Помню, как мое плечо поразил сильнейший ожог, я отшатнулась назад, а моя палочка будто обрела свою собственную жизнь и начала забрасывать противницу взрывающими заклинаниями, на которые у меня ещё хватало пороху. На несколько минут его хватило. Визги и витиеватые взмахи палочкой смешались в дикую вереницу. Было ощущение тошнотворного провала в трясинную темноту.

Когда ужас при мысли о поражении парализовал меня, я услышала произнесённое со стороны заклинание — и вскоре увидела, как меня окутывал белесый дым. Он обволакивал меня, ограждая от взбешённой ведьмы. Она бы убила меня. У неё ведь такое незыблемое понятие о чести: за нанесенную обиду в лице быка Стюарта полагается смерть — без промедления и пощады. В общем, позиция правильная, госпожа Катарина сочла бы её достойной.

Любопытно, знает ли госпожа, что это была месть за месть?

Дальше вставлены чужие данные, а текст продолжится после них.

Lemma exps0_derived1 u : exps u = 0 -> derived 1 u.
Proof.
have [N] := ubnP (size u); elim: N u => // N IH [_ _|a u]; first exact: cc_nil.
move=> Hsize Hu; have Hin := exps0_linv Hu.
case/splitPr: Hin Hsize Hu => v w Hsize Hu.
have Hvw : derived 1 (v ++ w).
  apply: IH; first by move: Hsize; rewrite /= !size_cat /=; lia.
  by move: Hu; rewrite exps_cons !exps_cat exps_cons el_linv addrCA addNKr.
(* a v a^-1 w = [a^-1, v^-1] v w, up to the cancellation v^-1 v *)
have Hc : derived 1 (wcomm [:: linv a] (winv v)) by apply: cc_comm.
have Ea : winv [:: linv a] = [:: a] by rewrite /winv /= linvK.
rewrite /wcomm winvK Ea in Hc.
have E := derived_cancel' 1 v (a :: v ++ [:: linv a]) w.
by have := derived_cat Hc Hvw; rewrite /= -!catA /= in E *; move/E.
Qed.

Lemma ab_eqP u v : ab_eq u v <-> exps u = exps v.
Proof.
split; first exact: (@se_exps 0).
by move=> E; apply: exps0_derived1; rewrite exps_cat exps_winv E subrr.
Qed.

End ExponentSum.

Definition unimodular n (a : 'rV[int]_n) : Prop :=
  exists psi : 'I_n -> int, \sum_j a 0 j * psi j = 1.

Lemma smith_row n (a : 'rV[int]_n.+1) :
  exists g : int, exists2 R : 'M[int]_n.+1, R \in unitmx & a = g *: row 0 R.
Proof.
have [L uL [R uR [s _ E]]] := int_Smith_normal_form a.
exists (L 0 0 * s`_0), R => //.
rewrite E rowE scalemxAl; congr (_ *m _).
apply/matrixP => i j; rewrite !mxE big_ord1 !ord1 !mxE /= eq_sym.
by rewrite mulr_natr -mulrnAr.
Qed.

Lemma unimodular_scale_row n (g : int) (R : 'M[int]_n.+1) : R \in unitmx ->
  unimodular (g *: row 0 R) <-> g \is a GRing.unit.
Proof.
move=> uR; split=> [[psi Hpsi]|ug].
- apply/unitrP; exists (\sum_j R 0 j * psi j).
  suff Hg : g * (\sum_j R 0 j * psi j) = 1 by rewrite mulrC Hg.
  rewrite -Hpsi big_distrr; apply: eq_bigr => j _; rewrite !mxE; exact: mulrA.
- exists (fun j => g^-1 * invmx R j 0).
  have : (R *m invmx R) 0 0 = 1 by rewrite mulmxV // mxE.
  rewrite mxE => <-; apply: eq_bigr => j _.
  by rewrite !mxE mulrCA !mulrA mulVr // mul1r.
Qed.

Lemma scale_row_eq0 n (c : int) (R : 'M[int]_n.+1) :
  R \in unitmx -> c *: row 0 R = 0 -> c = 0.
Proof.
move=> uR /(congr1 (fun M => (M *m invmx R) 0 0)).
by rewrite -scalemxAl -row_mul mulmxV // mul0mx !mxE eqxx mulr1.
Qed.

Definition vword n (v : 'rV[int]_n) : word n :=
  lincomb (fun i => [:: (i, false)]) (fun i => v 0 i).

Lemma exps_lincomb n (b : 'I_n -> word n) (c : 'I_n -> int) :
  exps (lincomb b c) = \sum_i c i *: exps (b i).
Proof.
have exps_flatten (s : seq (word n)) : exps (flatten s) = \sum_(x <- s) exps x.
  by elim: s => [|x s IH]; rewrite ?big_nil /exps ?big_nil // big_cons -IH -exps_cat.
by rewrite exps_flatten big_map big_enum; apply: eq_bigr => i _; rewrite exps_wpow.
Qed.

Lemma exps_vword n (v : 'rV[int]_n) : exps (vword v) = v.
Proof.
rewrite exps_lincomb [RHS]row_sum_delta.
by apply: eq_bigr => i _; rewrite exps_letter.
Qed.

Lemma exps_rows_lincomb n (R : 'M[int]_n) (c : 'I_n -> int) :
  exps (lincomb (fun k => vword (row k R)) c) = (\row_k c k) *m R.
Proof.
rewrite exps_lincomb mulmx_sum_row.
by apply: eq_bigr => k _; rewrite exps_vword mxE.
Qed.

Lemma unitmx_ab_basis n (R : 'M[int]_n) :
  R \in unitmx -> ab_basis (fun k => vword (row k R)).
Proof.
move=> uR; split.
- move=> g; exists (fun k => (exps g *m invmx R) 0 k); apply/ab_eqP.
  rewrite exps_rows_lincomb.
  have -> : \row_k (exps g *m invmx R) 0 k = exps g *m invmx R.
    by apply/matrixP => i j; rewrite !ord1 mxE.
  by rewrite mulmxKV.
- move=> c /ab_eqP; rewrite exps_rows_lincomb /exps big_nil => Hc i.
  have := congr1 (fun M => (M *m invmx R) 0 i) Hc.
  by rewrite /= mulmxK // mul0mx !mxE.
Qed.

Lemma unimodular_primitive n (h : word n.+1) :
  unimodular (exps h) -> ab_primitive h.
Proof.
have [g [R uR Eh]] := smith_row (exps h).
rewrite Eh (unimodular_scale_row _ uR) => ug.
exists (fun k => vword (row k (g *: R))); split.
  by apply: unitmx_ab_basis; rewrite unitmxZ.
by exists 0; apply/ab_eqP; rewrite exps_vword Eh; apply/matrixP => i j; rewrite !mxE.
Qed.

Lemma primitive_unimodular n (h : word n) : ab_primitive h -> unimodular (exps h).
Proof.
move=> [b [[span _] [i Ei]]].
pose B : 'M[int]_n := \matrix_(k, j) exps (b k) 0 j.
have /fin_all_exists [C HC] :
  forall j : 'I_n, exists c : 'I_n -> int, ab_eq [:: (j, false)] (lincomb b c).
  by move=> j; apply: span.
(* the coordinate matrix C of the generators is a left, hence a right,
   inverse of the matrix B of the basis *)
pose Cm : 'M[int]_n := \matrix_(j, k) C j k.
have CB : Cm *m B = 1%:M.
  apply/row_matrixP => j; rewrite row_mul row1 -exps_letter (iffLR (ab_eqP _ _) (HC j)).
  rewrite exps_lincomb mulmx_sum_row; apply: eq_bigr => k _.
  by congr (_ *: _); [rewrite !mxE | apply/matrixP => x y; rewrite !mxE ord1].
exists (fun j => Cm j i).
have : (B *m Cm) i i = 1 by rewrite (mulmx1C CB) mxE eqxx.
rewrite mxE => <-; apply: eq_bigr => j _.
by rewrite mxE -(iffLR (ab_eqP _ _) Ei) mxE.
Qed.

Знает ли она о быке?

Надеюсь, лохматой ведьме хватило достоинства не растрезвонить о том, как бык чуть не забодал её. Вернее, как она чуть не позволила быку забодать её. Это ведь такой позор. Я надеюсь, что не растрезвонила.

Я извлекла урок из случившегося — меня угораздило связаться не с той ведьмой. Её уровень значительно выше, как ни прискорбно мне это признавать. Стало быть, её действительно учил Тёмный Лорд... Она прорвала антитрансгрессионный барьер! Как мерзавке это удалось?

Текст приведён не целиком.